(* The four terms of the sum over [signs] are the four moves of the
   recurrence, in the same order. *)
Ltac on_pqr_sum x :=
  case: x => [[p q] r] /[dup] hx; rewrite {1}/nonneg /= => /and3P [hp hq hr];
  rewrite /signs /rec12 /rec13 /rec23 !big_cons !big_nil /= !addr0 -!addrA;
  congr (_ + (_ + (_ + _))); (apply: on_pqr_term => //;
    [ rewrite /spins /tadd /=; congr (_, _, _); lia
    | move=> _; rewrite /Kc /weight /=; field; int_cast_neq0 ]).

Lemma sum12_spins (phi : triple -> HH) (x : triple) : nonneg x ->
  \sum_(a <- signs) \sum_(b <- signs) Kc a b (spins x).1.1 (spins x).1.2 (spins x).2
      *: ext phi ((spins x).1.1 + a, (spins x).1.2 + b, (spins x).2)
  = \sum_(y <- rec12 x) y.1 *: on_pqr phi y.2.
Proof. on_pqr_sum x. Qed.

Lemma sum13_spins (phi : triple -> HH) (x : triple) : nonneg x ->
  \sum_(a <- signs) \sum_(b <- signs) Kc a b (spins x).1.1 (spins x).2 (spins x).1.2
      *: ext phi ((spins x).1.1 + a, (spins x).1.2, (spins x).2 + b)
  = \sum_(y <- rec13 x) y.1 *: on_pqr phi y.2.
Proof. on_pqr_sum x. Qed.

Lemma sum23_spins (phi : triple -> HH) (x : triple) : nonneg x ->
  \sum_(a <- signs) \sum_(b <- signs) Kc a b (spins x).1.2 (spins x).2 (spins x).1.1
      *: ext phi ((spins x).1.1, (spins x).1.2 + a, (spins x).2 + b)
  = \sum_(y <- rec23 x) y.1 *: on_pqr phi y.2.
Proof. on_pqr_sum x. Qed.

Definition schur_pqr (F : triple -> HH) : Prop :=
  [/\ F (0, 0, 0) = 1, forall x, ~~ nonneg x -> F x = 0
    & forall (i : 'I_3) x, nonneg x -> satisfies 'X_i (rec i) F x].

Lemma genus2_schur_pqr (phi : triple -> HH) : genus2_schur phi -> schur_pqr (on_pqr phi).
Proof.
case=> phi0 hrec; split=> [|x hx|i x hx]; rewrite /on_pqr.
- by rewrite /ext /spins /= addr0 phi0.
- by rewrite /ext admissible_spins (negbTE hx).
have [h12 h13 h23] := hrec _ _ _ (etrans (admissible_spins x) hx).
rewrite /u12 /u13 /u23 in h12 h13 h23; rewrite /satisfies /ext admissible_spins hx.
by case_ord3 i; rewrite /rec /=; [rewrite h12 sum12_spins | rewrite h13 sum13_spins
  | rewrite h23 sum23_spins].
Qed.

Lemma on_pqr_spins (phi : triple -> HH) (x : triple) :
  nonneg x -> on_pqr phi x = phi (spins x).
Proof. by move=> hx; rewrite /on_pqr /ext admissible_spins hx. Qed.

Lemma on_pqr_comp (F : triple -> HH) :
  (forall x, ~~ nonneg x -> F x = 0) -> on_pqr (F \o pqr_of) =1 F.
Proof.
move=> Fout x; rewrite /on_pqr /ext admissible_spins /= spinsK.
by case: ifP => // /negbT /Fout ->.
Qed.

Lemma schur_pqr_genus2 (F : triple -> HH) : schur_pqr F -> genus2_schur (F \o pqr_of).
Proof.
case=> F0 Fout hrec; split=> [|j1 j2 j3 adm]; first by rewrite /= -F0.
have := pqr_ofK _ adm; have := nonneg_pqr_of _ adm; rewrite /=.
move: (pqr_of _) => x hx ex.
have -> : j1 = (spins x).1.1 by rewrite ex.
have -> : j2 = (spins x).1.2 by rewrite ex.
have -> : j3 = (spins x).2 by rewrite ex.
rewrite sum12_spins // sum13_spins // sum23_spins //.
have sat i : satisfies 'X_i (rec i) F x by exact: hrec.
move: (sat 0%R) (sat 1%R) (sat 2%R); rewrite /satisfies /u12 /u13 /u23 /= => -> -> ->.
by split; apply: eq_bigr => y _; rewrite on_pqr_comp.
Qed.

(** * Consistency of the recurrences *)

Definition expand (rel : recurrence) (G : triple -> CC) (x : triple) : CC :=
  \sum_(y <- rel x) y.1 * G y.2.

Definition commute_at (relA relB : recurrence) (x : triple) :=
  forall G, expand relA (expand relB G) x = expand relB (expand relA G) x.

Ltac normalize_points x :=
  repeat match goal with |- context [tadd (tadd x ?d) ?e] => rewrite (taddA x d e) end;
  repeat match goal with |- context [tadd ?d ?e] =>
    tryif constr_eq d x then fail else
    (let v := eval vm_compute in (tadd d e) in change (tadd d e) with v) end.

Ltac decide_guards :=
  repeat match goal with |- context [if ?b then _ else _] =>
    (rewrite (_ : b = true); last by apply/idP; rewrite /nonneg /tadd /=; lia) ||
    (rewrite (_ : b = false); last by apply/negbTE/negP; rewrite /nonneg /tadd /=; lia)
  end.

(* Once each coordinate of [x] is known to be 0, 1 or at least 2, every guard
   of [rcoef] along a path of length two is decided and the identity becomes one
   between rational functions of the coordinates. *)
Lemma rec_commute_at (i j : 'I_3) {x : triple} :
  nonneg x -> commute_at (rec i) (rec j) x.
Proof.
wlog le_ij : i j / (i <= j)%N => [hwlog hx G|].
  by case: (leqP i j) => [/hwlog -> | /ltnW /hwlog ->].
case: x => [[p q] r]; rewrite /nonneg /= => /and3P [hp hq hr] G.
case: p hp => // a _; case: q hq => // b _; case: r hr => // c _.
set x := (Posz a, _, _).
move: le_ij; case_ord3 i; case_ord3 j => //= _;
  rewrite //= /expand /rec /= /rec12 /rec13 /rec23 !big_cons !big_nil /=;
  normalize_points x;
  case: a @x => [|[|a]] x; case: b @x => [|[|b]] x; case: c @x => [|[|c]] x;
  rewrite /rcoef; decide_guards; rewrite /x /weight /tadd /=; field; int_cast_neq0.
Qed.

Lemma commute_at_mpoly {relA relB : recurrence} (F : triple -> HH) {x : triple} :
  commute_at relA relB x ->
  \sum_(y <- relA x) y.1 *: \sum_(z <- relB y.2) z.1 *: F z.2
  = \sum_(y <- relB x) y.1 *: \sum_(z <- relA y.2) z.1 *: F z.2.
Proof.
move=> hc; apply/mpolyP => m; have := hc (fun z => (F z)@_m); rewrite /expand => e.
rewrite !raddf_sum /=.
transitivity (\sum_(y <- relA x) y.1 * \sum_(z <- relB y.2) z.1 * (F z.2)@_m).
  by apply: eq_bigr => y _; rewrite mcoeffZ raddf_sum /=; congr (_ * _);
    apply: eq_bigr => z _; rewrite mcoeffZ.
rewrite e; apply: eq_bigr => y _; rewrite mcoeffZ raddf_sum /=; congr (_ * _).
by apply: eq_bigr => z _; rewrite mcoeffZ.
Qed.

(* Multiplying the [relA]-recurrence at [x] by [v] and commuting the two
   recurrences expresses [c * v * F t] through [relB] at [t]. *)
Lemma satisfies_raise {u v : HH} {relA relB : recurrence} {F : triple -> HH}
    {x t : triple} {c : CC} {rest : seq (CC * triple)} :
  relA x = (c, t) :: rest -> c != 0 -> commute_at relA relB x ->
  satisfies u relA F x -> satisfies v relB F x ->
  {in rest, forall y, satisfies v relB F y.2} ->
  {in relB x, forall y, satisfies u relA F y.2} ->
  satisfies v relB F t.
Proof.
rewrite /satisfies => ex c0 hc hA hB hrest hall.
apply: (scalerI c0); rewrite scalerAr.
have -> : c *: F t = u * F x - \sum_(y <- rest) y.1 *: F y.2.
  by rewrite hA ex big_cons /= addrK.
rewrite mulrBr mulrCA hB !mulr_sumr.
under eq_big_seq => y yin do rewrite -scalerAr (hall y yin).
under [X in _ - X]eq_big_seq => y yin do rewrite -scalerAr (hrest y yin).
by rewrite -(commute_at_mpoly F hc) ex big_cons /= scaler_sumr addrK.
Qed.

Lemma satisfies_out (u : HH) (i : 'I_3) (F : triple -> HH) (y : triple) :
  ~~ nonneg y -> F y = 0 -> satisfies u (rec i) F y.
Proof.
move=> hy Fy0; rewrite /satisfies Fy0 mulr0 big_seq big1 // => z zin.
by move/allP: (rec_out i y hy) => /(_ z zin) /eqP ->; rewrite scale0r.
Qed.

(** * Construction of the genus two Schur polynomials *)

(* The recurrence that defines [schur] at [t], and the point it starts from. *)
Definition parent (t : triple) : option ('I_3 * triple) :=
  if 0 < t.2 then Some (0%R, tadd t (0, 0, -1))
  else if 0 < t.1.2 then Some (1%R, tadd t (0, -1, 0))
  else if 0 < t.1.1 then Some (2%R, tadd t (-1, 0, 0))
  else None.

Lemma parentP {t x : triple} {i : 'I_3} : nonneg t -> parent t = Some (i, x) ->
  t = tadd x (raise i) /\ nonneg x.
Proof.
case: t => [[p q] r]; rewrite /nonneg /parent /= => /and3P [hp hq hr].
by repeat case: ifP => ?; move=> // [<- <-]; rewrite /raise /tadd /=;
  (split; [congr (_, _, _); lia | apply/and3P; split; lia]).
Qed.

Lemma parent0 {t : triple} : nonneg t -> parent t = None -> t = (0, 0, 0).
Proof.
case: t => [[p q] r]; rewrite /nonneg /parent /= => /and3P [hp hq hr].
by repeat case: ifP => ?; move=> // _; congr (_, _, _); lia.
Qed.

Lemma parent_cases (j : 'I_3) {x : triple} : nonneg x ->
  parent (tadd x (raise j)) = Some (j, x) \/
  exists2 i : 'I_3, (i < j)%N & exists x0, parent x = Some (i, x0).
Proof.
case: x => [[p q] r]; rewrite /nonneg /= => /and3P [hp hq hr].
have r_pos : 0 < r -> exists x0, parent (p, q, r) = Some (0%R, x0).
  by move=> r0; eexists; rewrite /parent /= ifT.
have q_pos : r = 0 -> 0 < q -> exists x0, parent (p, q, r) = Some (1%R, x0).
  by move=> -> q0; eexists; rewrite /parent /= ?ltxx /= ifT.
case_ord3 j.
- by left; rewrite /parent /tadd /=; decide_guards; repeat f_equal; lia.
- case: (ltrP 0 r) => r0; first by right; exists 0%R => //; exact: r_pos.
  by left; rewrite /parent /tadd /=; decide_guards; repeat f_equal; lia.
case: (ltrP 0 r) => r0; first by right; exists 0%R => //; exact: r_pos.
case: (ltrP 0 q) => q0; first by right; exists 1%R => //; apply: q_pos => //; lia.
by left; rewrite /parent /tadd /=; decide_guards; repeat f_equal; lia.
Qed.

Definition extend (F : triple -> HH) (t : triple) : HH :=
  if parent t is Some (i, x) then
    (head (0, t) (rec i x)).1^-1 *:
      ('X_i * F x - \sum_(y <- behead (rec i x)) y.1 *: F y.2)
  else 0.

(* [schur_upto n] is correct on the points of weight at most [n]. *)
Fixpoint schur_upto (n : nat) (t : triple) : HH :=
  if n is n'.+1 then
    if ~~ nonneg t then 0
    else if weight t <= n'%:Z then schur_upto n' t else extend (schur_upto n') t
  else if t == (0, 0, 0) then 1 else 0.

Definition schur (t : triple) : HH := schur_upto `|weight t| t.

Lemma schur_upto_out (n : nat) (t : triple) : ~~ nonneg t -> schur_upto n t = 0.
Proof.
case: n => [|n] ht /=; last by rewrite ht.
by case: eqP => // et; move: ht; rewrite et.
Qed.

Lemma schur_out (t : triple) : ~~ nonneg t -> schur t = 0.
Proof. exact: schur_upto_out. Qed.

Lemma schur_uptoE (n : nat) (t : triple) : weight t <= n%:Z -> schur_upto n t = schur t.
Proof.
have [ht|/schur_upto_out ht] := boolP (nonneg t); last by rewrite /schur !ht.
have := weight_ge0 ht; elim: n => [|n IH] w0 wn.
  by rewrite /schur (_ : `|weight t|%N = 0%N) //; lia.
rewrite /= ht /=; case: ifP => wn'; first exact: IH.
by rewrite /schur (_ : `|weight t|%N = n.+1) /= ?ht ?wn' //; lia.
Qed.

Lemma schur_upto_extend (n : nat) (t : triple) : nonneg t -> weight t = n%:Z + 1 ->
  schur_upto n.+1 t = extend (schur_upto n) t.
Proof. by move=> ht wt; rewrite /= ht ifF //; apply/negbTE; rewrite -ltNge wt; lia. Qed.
____
- **WORK ORDER**
Would you please repeat exactly the lines above, starting at the line with "b, (spins x).2)" and stopping at the line with "x).1.2, (spins x).2 + b)", both included?

- **ANSWER SPACE**
      *: ext phi ((spins x).1.1 + a, (spins x).1.2 + b, (spins x).2)
  = \sum_(y <- rec12 x) y.1 *: on_pqr phi y.2.
Proof. on_pqr_sum x. Qed.

Lemma sum13_spins (phi : triple -> HH) (x : triple) : nonneg x ->
  \sum_(a <- signs) \sum_(b <- signs) Kc a b (spins x).1.1 (spins x).2 (spins x).1.2
      *: ext phi ((spins x).1.1 + a, (spins x).1.2, (spins x).2 + b)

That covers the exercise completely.